▶ [What is expected]:
Below are the entries. Transcribe exactly the lines from the one with "Hypothesis LND_d : is_LND d." through the one with "Proof. by apply/polyP", ends included, and leave out all others.

[Opening Materials provided section]

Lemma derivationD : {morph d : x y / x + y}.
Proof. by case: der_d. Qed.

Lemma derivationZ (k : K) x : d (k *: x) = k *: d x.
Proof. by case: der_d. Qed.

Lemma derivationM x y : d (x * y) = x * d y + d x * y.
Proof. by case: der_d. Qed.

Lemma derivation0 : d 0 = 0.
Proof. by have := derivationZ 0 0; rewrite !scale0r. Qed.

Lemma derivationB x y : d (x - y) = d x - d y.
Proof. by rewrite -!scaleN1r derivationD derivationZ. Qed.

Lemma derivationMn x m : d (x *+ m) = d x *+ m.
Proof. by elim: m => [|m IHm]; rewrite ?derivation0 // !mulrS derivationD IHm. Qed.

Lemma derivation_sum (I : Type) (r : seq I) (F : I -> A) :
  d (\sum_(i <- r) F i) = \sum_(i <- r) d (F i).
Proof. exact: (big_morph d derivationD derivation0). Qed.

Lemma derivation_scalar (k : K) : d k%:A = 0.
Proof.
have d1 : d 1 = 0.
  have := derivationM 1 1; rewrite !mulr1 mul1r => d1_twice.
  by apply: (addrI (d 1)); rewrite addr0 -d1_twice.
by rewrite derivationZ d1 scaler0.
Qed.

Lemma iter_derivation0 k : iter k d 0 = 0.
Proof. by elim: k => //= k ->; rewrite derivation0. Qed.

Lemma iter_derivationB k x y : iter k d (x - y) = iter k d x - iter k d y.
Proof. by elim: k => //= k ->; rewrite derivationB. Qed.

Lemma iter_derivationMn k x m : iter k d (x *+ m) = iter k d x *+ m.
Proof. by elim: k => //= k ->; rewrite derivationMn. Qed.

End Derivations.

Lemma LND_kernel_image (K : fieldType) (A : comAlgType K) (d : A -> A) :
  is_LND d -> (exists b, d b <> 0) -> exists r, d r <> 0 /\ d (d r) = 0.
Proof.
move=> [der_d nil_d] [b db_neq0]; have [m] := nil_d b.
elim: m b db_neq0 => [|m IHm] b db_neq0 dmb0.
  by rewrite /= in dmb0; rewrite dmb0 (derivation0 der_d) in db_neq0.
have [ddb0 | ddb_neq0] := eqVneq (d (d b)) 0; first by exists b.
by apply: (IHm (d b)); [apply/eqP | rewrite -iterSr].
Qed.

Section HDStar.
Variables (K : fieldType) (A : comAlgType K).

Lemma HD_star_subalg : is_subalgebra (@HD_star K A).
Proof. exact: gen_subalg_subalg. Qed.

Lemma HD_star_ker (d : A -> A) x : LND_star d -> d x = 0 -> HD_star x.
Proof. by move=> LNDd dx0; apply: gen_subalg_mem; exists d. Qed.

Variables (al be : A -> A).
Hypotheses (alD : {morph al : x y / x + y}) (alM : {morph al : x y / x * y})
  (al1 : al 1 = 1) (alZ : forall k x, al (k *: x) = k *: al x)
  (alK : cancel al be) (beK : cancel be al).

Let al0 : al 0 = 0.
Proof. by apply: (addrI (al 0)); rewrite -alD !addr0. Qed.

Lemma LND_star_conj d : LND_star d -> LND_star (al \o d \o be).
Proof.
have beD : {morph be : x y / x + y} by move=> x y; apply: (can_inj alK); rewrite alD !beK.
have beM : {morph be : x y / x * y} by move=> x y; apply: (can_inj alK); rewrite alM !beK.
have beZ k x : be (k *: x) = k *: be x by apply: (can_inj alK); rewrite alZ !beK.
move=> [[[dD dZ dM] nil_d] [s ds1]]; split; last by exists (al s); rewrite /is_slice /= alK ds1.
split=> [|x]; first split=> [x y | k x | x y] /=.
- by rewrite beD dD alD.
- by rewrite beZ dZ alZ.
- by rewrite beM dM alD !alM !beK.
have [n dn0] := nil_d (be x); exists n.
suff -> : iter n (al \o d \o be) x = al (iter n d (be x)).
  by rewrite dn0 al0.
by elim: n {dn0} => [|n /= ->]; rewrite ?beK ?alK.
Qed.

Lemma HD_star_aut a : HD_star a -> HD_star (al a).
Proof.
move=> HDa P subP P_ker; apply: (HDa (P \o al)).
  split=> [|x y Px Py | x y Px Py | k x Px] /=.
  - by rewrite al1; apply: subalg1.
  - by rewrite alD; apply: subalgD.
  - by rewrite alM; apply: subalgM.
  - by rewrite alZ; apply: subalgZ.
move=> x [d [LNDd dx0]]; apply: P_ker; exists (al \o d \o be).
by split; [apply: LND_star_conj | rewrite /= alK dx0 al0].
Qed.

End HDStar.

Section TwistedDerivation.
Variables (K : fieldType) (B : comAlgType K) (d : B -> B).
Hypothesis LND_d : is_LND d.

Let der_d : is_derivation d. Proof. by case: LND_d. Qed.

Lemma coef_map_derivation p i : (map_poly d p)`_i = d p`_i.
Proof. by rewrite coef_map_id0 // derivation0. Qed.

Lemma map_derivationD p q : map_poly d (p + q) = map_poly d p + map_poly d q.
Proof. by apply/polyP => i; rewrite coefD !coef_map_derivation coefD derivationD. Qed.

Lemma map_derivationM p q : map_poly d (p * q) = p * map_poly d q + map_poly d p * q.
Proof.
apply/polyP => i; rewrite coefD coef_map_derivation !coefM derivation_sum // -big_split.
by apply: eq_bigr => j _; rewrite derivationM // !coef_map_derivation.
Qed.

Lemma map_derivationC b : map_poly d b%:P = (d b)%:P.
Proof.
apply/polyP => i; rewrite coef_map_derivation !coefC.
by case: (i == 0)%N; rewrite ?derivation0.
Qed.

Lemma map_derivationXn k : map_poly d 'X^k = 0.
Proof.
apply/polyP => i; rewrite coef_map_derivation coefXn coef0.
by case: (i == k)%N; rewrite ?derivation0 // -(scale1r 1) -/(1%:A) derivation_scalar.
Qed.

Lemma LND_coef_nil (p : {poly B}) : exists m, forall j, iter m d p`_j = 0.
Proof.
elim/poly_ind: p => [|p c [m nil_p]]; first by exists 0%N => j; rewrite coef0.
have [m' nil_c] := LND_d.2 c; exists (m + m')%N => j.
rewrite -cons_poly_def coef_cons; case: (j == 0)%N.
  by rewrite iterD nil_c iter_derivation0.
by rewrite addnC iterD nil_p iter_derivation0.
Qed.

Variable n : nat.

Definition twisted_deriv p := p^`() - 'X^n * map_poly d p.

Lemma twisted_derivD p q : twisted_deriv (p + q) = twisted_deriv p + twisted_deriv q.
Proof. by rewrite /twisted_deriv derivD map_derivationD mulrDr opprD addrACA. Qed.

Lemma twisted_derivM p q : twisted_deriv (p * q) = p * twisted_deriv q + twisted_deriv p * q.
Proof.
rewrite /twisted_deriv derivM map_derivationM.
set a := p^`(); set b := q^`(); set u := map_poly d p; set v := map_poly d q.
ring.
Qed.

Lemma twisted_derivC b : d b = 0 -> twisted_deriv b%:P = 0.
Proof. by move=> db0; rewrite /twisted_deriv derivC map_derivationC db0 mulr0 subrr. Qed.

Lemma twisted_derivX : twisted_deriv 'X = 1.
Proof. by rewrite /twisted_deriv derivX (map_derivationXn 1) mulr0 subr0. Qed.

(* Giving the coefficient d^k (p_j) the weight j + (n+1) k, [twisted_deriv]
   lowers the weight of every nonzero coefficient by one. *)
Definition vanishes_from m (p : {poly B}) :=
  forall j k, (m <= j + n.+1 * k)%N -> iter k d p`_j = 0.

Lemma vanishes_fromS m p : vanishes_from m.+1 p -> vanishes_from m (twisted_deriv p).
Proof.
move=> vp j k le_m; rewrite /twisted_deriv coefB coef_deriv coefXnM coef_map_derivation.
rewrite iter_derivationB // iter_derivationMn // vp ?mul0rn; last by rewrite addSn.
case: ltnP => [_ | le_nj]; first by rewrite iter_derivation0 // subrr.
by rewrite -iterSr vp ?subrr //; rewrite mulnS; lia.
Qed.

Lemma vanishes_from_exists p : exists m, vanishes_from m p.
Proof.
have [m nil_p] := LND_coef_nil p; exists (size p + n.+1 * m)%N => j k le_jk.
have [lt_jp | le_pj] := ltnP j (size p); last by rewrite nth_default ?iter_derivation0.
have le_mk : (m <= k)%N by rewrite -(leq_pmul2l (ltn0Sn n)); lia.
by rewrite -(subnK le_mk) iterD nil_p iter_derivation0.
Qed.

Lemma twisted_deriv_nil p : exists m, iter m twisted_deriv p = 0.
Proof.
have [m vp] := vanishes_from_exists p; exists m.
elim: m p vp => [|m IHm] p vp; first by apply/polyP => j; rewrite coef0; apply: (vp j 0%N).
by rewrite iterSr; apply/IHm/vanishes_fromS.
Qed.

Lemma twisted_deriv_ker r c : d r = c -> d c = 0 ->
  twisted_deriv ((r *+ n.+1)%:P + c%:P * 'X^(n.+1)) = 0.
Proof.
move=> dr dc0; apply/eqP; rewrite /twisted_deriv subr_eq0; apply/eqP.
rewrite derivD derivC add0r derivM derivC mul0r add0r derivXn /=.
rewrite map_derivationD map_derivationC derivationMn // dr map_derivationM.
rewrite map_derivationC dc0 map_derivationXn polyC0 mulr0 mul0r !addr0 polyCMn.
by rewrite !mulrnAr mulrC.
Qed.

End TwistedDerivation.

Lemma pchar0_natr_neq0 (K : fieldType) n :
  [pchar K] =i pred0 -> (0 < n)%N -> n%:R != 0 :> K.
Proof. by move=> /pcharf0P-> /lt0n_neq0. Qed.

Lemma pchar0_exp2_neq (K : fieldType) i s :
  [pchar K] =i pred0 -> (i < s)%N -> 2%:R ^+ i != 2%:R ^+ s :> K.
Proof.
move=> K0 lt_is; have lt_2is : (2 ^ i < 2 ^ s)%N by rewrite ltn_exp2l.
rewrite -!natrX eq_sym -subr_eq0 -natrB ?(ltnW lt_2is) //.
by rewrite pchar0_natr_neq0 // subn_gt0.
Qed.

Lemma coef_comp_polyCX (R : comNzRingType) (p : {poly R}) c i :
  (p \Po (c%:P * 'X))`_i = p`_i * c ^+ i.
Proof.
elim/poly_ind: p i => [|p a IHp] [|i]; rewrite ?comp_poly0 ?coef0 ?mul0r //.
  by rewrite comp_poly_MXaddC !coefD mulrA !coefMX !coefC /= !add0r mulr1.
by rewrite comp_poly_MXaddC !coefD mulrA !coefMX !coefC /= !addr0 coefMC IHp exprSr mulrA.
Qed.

[Closing Materials provided section]

▶ [Result of this task]:
Hypothesis LND_d : is_LND d.

Let der_d : is_derivation d. Proof. by case: LND_d. Qed.

Lemma coef_map_derivation p i : (map_poly d p)`_i = d p`_i.
Proof. by rewrite coef_map_id0 // derivation0. Qed.

Lemma map_derivationD p q : map_poly d (p + q) = map_poly d p + map_poly d q.
Proof. by apply/polyP => i; rewrite coefD !coef_map_derivation coefD derivationD. Qed.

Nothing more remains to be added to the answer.